Material and methods
Experimental design
We sampled 240 M. festivus at 12 sites distributed across three major Amazonian rivers (i.e., Rio Branco, Rio Negro and Rio Solimões) [Fig. 1]. These sites comprise ecosystems with drastically divergent physicochemical parameters: five black water sites (BAR, NEG, CEM, ANA and TEF) and seven white water sites (PIR, SOL, MAN, JAR, JAC, CAT, BRA) [Table 1]. These sites comprise three confluence zones between black and white water sites : (1) Six sampling sites were close to the confluence of two major Amazonian tributaries, the Rio Negro and Rio Solimões (ANA, CEM, CAT, JAC, JAR and MAN); (2) three sites were close to the confluence of the Rio Branco and Rio Negro (BAR, NEG and BRA) and (3) three sites were close to the confluence of the Rio Tefé and Rio Solimões (TEF, SOL and PIR) [Fig. 1].
Field trips were conducted from September to December 2018–2019 during the dry season. Sites coordinates were recorded using the Global Positioning System (GPS) and the fishing perimeters were assessed in the field according to each site’s local geography. We estimated the watercourse distance separating each sampling site using Google Earth pro (Image Landsat / Copernicus, U.S). A multiparameter YSI Professional+Series meter (YSI Inc/Xylem Inc USA) was used to characterize water physicochemical properties (conductivity and pH) on sites. Two litres of water were also sampled at each site 30 cm below the surface, the depth where M. festivus were fished (Pires et al. 2015), to characterize other water parameters in the laboratory. At the laboratory, dissolved organic carbon (DOC) was quantified and characterized, and the concentration of nutrients (NO2-, NO3-, silicates), free ions (Ca, Na, Cl, Mg, K) and 12 metals (Al, V, Cr, Mn, Fe, Co, Ni, Cu, Zn, As, Cd and Pb) were determined according to the method detailed in Sylvain et al. (2019, 2020).
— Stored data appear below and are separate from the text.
(* Let $\alpha$ be a composition, $w\in CRHW_n$ with $w(\alpha)=\beta\neq0$, $\tau=\tau_w$, and let $j\ge1$ belong to $\mathrm{supp}(w)$ but not be its maximum. Then every entry of $\tau$ in column $j$ other than the greatest one is strictly smaller than the smallest entry of $\tau$ in column $j+1$.
   Context: Box-adding operators on compositions $\alpha=(\alpha_1,\dots,\alpha_k)$: $\mathfrak t_1(\alpha)=(1,\alpha_1,\dots,\alpha_k)$ (a new row on top); for $i\ge2$, $\mathfrak t_i(\alpha)$ increases the leftmost part equal to $i-1$ by $1$ (adding a box in column $i$), and is $0$ if there is no such part; $\mathfrak t_i(0)=0$. A word $w=\mathfrak t_{i_1}\cdots\mathfrak t_{i_n}$ acts by $w(\alpha)=\mathfrak t_{i_1}(\cdots\mathfrak t_{i_n}(\alpha))$. It is a reverse hookword if $i_1\le\cdots\le i_{k+1}>i_{k+2}>\cdots>i_n$ for some $0\le k\le n-1$. $\mathrm{supp}(w)=\{i_1,\dots,i_n\}$; $w$ is connected if $\mathrm{supp}(w)$ is a set of consecutive integers; $CRHW_n$ is the set of connected reverse hookwords of length $n$. If $w(\alpha)=\beta\ne0$, applying $\mathfrak t_{i_n},\dots,\mathfrak t_{i_1}$ successively adds one box at each step (the box added by $\mathfrak t_{i_m}$ is in column $i_m$); $\tau_w$ is the filling of the set of added boxes in which the box added by $\mathfrak t_{i_m}$ has entry $m$. *)

From mathcomp Require Import all_boot.
Set Implicit Arguments. Unset Strict Implicit. Unset Printing Implicit Defensive.

Definition composition (a : seq nat) : bool := all (fun x => 0 < x) a.

(* One step of t_i on a composition: returns the new composition and the
   (1-indexed, top = 1) row of the added box, or None (the value 0).
   t_1 adds a new row (1) on top; for i >= 2, t_i increases the leftmost part
   equal to i-1 (that row is index (i-1) a + 1). *)
Definition tstep (i : nat) (a : seq nat) : option (seq nat * nat) :=
  match i with
  | 0 => None
  | 1 => Some (1 :: a, 1)
  | i'.+2 =>
      let r := index i'.+1 a in
      if r < size a then Some (set_nth 0 a r i'.+2, r.+1) else None
  end.

Definition t (i : nat) (o : option (seq nat)) : option (seq nat) :=
  obind (fun a => omap fst (tstep i a)) o.

Definition act (w : seq nat) (a : seq nat) : option (seq nat) :=
  foldr t (Some a) w.

(* A box of the filling: ((row, column), entry); rows counted from the top
   of the final shape, starting at 1; columns starting at 1. *)
Definition box := ((nat * nat) * nat)%type.

(* Shift a previously added box when a new step is applied: its entry gets
   renumbered by +1 (since we peel off the first letter), and its row moves
   down by one if a new top row was inserted. *)
Definition shift_box (newrow : bool) (b : box) : box :=
  let: ((r, c), e) := b in ((r + newrow, c), e.+1).

(* run w a = Some (w(a), tau_w) where the box added by t_{i_m} has entry m. *)
Fixpoint run (w : seq nat) (a : seq nat) : option (seq nat * seq box) :=
  match w with
  | [::] => Some (a, [::])
  | i :: w' =>
      match run w' a with
      | None => None
      | Some (g, bs) =>
          match tstep i g with
          | None => None
          | Some (b, r) => Some (b, ((r, i), 1) :: map (shift_box (i == 1)) bs)
          end
      end
  end.

(* The filling tau_w (meaningful when w(alpha) <> 0). *)
Definition tau (w : seq nat) (a : seq nat) : seq box :=
  if run w a is Some (_, bs) then bs else [::].

Definition reverse_hookword (w : seq nat) : Prop :=
  all (fun i => 0 < i) w /\
  exists2 k, k < size w &
    sorted leq (take k.+1 w) /\ sorted (fun x y => y < x) (drop k w).

Definition connected (w : seq nat) : Prop :=
  forall a b c, a \in w -> b \in w -> a <= c <= b -> c \in w.

Definition CRHW (n : nat) (w : seq nat) : Prop :=
  size w = n /\ reverse_hookword w /\ connected w.

Definition supp_max (w : seq nat) : nat := \max_(i <- w) i.

(** The entries of [tau_w] in column [c] are exactly the positions [m] with
    [i_m = c], so the claim is about the letters of [w].  Two equal letters
    [j] at positions [p1 < p2] cannot both lie in the strictly decreasing
    tail of the hookword, so [p1] is in the weakly increasing head; a letter
    [j + 1] at a position [p3 <= p1] would then be at most [j]. *)

From mathcomp Require Import all_boot.
From mathcomp Require Import zify.

Set Implicit Arguments.
Unset Strict Implicit.
Unset Printing Implicit Defensive.

Lemma run_entries (w a g : seq nat) (bs : seq box) :
  run w a = Some (g, bs) ->
  forall r c e, ((r, c), e) \in bs ->
  exists2 p, p < size w & e = p.+1 /\ nth 0 w p = c.
Proof.
elim: w g bs => [|i w IH] g bs /=; first by case=> _ <-.
case Ew: (run w a) => [[g' bs']|] //.
case: (tstep i g') => [[b r0]|] // [_ <-] r c e.
rewrite in_cons => /orP[/eqP[_ -> ->]|]; first by exists 0.
case/mapP=> [[[r' c'] e']] /(IH _ _ Ew) [p lt_p [-> <-]] [_ -> ->].
by exists p.+1.
Qed.

Lemma mem_tau (w a : seq nat) r c e :
  ((r, c), e) \in tau w a ->
  exists2 p, p < size w & e = p.+1 /\ nth 0 w p = c.
Proof.
rewrite /tau; case Ew: (run w a) => [[g bs]|] //.
exact: run_entries Ew r c e.
Qed.

Lemma sorted_take_nth_leq (w : seq nat) k i j :
  sorted leq (take k.+1 w) -> i <= j <= k -> j < size w ->
  nth 0 w i <= nth 0 w j.
Proof.
move=> sw /andP[ij jk] js.
have in_take m : m <= j -> m \in [pred m | m < size (take k.+1 w)].
  by rewrite inE size_take_min; lia.
have := sorted_leq_nth leq_trans leqnn 0 sw i j (in_take i ij) (in_take j (leqnn j)) ij.
by rewrite !nth_take //; lia.
Qed.

Lemma sorted_drop_nth_ltn (w : seq nat) k i j :
  sorted (fun x y => y < x) (drop k w) -> k <= i < j -> j < size w ->
  nth 0 w j < nth 0 w i.
Proof.
move=> sw /andP[ki ij] js.
have gt_trans : transitive (fun x y : nat => y < x) by move=> x y z /=; lia.
have in_drop m : m <= j -> (m - k) \in [pred m | m < size (drop k w)].
  by rewrite inE size_drop; lia.
have lt_ij : i - k < j - k by lia.
have := sorted_ltn_nth gt_trans 0 sw _ _ (in_drop i (ltnW ij)) (in_drop j (leqnn j)) lt_ij.
by rewrite !nth_drop !subnKC //; lia.
Qed.

Lemma repeated_letter_before_peak (w : seq nat) k p q :
  sorted (fun x y => y < x) (drop k w) -> p < q < size w ->
  nth 0 w p = nth 0 w q -> p < k.
Proof.
move=> sw /andP[pq qs] eq_pq; rewrite ltnNge; apply/negP => kp.
suff: nth 0 w q < nth 0 w p by rewrite eq_pq ltnn.
by apply: sorted_drop_nth_ltn sw _ qs; rewrite kp pq.
Qed.

Theorem mainTheorem10 (n : nat) (alpha beta w : seq nat) (j : nat) :
  composition alpha ->
  CRHW n w ->
  act w alpha = Some beta ->
  1 <= j -> j \in w -> j != supp_max w ->
  forall (r1 e1 r2 e2 r3 e3 : nat),
    ((r1, j), e1) \in tau w alpha ->
    ((r2, j), e2) \in tau w alpha -> e1 < e2 ->
    ((r3, j.+1), e3) \in tau w alpha ->
    e1 < e3.
Proof.
move=> _ [_ [[_ [k _ [head_sorted tail_sorted]]] _]] _ _ _ _.
move=> r1 e1 r2 e2 r3 e3 /mem_tau[p1 _ [-> w_p1]] /mem_tau[p2 p2s [-> w_p2]].
move=> /[!ltnS] lt_p12 /mem_tau[p3 _ [-> w_p3]].
have p1k : p1 < k.
  by apply: (@repeated_letter_before_peak _ _ _ p2 tail_sorted);
    rewrite ?lt_p12 ?w_p1 ?w_p2.
rewrite ltnS ltnNge; apply/negP => p3p1.
suff: nth 0 w p3 <= nth 0 w p1 by rewrite w_p1 w_p3 ltnn.
by apply: sorted_take_nth_leq head_sorted _ _; [rewrite p3p1 ltnW | lia].
Qed.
All environmental parameters are the means of three measurements and can be found in the supplementary information section.
Twenty fish specimens were collected at each sampling site using a combination of small seine net-fishing and line fishing (fish collection permit number 29837-18). Shortly after collection, fish were euthanized using a classic MS-222 protocol to dissect a fin clip which was kept in NAP conservation buffer to preserve DNA integrity (Camacho‐Sanchez et al. 2013). Samples were frozen at -20 °C right after the dissection and until DNA extraction.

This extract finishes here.